In other words, the national discourse and the veteran national leadership are no longer considered relevant today. While Al-Aqsa, in contrast, manages to create mass popular opposition to the foreign Israeli ruler – and that sparks the imagination and inspiration of masses of others who cannot go to Jerusalem. Not only nonreligious people came to places of worship in Jerusalem on Friday to be with their people. A number of Palestinian Christians also joined the groups of Muslim worshippers and prayed in their way, facing Al-Aqsa and Mecca.
Of course, this is first and foremost the strength of religious belief. The deeper the faith, the greater the insult to its sacred elements. The fact that Al-Aqsa is a pan-Islamic site is an empowering element. But not only that: Jerusalem has the highest concentration of Palestinians who rub elbows with the foreign Israeli ruler, with everything this entails in terms of the trampling on their rights and humiliating them. They don’t need “symbolic sites” of the occupation, like military checkpoints, to recall the occupation or express their rage. And the Al-Aqsa plaza, for its part, is where the largest number of Jerusalemites can gather together in one place to feel like a collective. And when this right to congregate is taken away from them, they protest as one – which also reminds the rest of the Palestinians that the entire public is one, suffering the same foreign rule.
But that same unified public can no longer express its oneness in mass actions. It is closed and cut off in ostensibly sovereign enclaves, and split into social classes with ever-widening social, economic and emotional gaps. Its road to the symbolic sites of the occupation, which surround every enclave, is blocked by the Palestinian security forces as well as by adaptation to life in the enclave.

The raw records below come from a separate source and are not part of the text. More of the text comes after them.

(* Let $\mathbf{L}=\langle L,\leq,0,1\rangle$ be a totally ordered complete lattice and let $\mathcal{D}_1,\mathcal{D}_2$ be ranked data tables on the same relation scheme $R$. Then $\mathcal{D}_1 \sqsubseteq \mathcal{D}_2$ if and only if for every $r \in \mathrm{Tupl}(R)$ we have $\mathcal{L}(\mathcal{D}_1,r) \subseteq \mathcal{L}(\mathcal{D}_2,r)$.
   Context: A relation scheme $R$ is a finite set of attributes, each attribute having a (at most countable) set of admissible values; a tuple on $R$ is a map assigning to each attribute $y\in R$ an admissible value, and $\mathrm{Tupl}(R)$ denotes the set of all tuples on $R$. A ranked data table (RDT) on $R$ is a map $\mathcal{D}\colon \mathrm{Tupl}(R)\to L$ such that $\{r \in \mathrm{Tupl}(R);\ \mathcal{D}(r)>0\}$ is finite. For an RDT $\mathcal{D}$ on $R$ and $r\in\mathrm{Tupl}(R)$ put $\mathcal{U}(\mathcal{D},r)=\{r'\in\mathrm{Tupl}(R);\ \mathcal{D}(r')\geq \mathcal{D}(r)\}$ and $\mathcal{L}(\mathcal{D},r)=\{r'\in\mathrm{Tupl}(R);\ \mathcal{D}(r')\leq \mathcal{D}(r)\}$. $\mathcal{D}_1$ is ordinally included in $\mathcal{D}_2$, written $\mathcal{D}_1\sqsubseteq\mathcal{D}_2$, if $\mathcal{U}(\mathcal{D}_1,r)\subseteq\mathcal{U}(\mathcal{D}_2,r)$ for all $r\in\mathrm{Tupl}(R)$. *)

From Stdlib Require List.
From mathcomp Require Import all_boot all_order.
Set Implicit Arguments. Unset Strict Implicit. Unset Printing Implicit Defensive.
Import Order.TTheory.
Local Open Scope order_scope.

Definition complete_lattice {d} (L : porderType d) : Prop :=
  forall P : L -> Prop, exists s : L,
    (forall x, P x -> x <= s) /\ (forall u, (forall x, P x -> x <= u) -> s <= u).

(* A relation scheme: a finite type Y of attributes, each with an (at most
   countable) domain dom y. A tuple assigns to each attribute an admissible value. *)
Definition Tupl (Y : finType) (dom : Y -> countType) : Type := forall y : Y, dom y.

Definition is_RDT {d} {L : tbOrderType d} {Y : finType} {dom : Y -> countType}
  (D : Tupl dom -> L) : Prop :=
  exists s : list (Tupl dom), forall r, \bot < D r -> List.In r s.

Definition Uset {d} {L : tbOrderType d} {Y : finType} {dom : Y -> countType}
  (D : Tupl dom -> L) (r : Tupl dom) : Tupl dom -> Prop :=
  fun r' => D r <= D r'.

Definition Lset {d} {L : tbOrderType d} {Y : finType} {dom : Y -> countType}
  (D : Tupl dom -> L) (r : Tupl dom) : Tupl dom -> Prop :=
  fun r' => D r' <= D r.

Definition set_incl {T : Type} (A B : T -> Prop) : Prop := forall x, A x -> B x.

Definition ord_incl {d} {L : tbOrderType d} {Y : finType} {dom : Y -> countType}
  (D1 D2 : Tupl dom -> L) : Prop :=
  forall r, set_incl (Uset D1 r) (Uset D2 r).

From mathcomp Require Import all_boot all_order.

(* [r'] lies in the upper set of [r] exactly when [r] lies in the lower set of
   [r'], so either family of inclusions is the other one with [r] and [r']
   swapped. *)

Lemma Uset_Lset {d} {L : tbOrderType d} {Y : finType} {dom : Y -> countType}
    (D : Tupl dom -> L) (r r' : Tupl dom) :
  Uset D r r' <-> Lset D r' r.
Proof. by []. Qed.

Lemma ord_incl_Lset {d} {L : tbOrderType d} {Y : finType} {dom : Y -> countType}
    (D1 D2 : Tupl dom -> L) :
  ord_incl D1 D2 <-> (forall r, set_incl (Lset D1 r) (Lset D2 r)).
Proof.
split=> incl r r' /Uset_Lset r_r'; apply/Uset_Lset; exact: incl.
Qed.

Theorem theorem2 (d : Order.disp_t) (L : tbOrderType d) (HL : complete_lattice L)
  (Y : finType) (dom : Y -> countType) (D1 D2 : Tupl dom -> L)
  (H1 : is_RDT D1) (H2 : is_RDT D2) :
  ord_incl D1 D2 <-> (forall r, set_incl (Lset D1 r) (Lset D2 r)).
Proof. exact: ord_incl_Lset. Qed.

This is the political and factual foundation for the continued presence of lone-wolf attackers, without reference to the outcome of their actions: First of all, the intolerable continuation of the occupation; then the inspiration of Al-Aqsa as a place that unifies, religiously and socially; the disappointing, weakened and weak leadership; and a willingness to die that is a mixture of faith in Paradise and despair at life.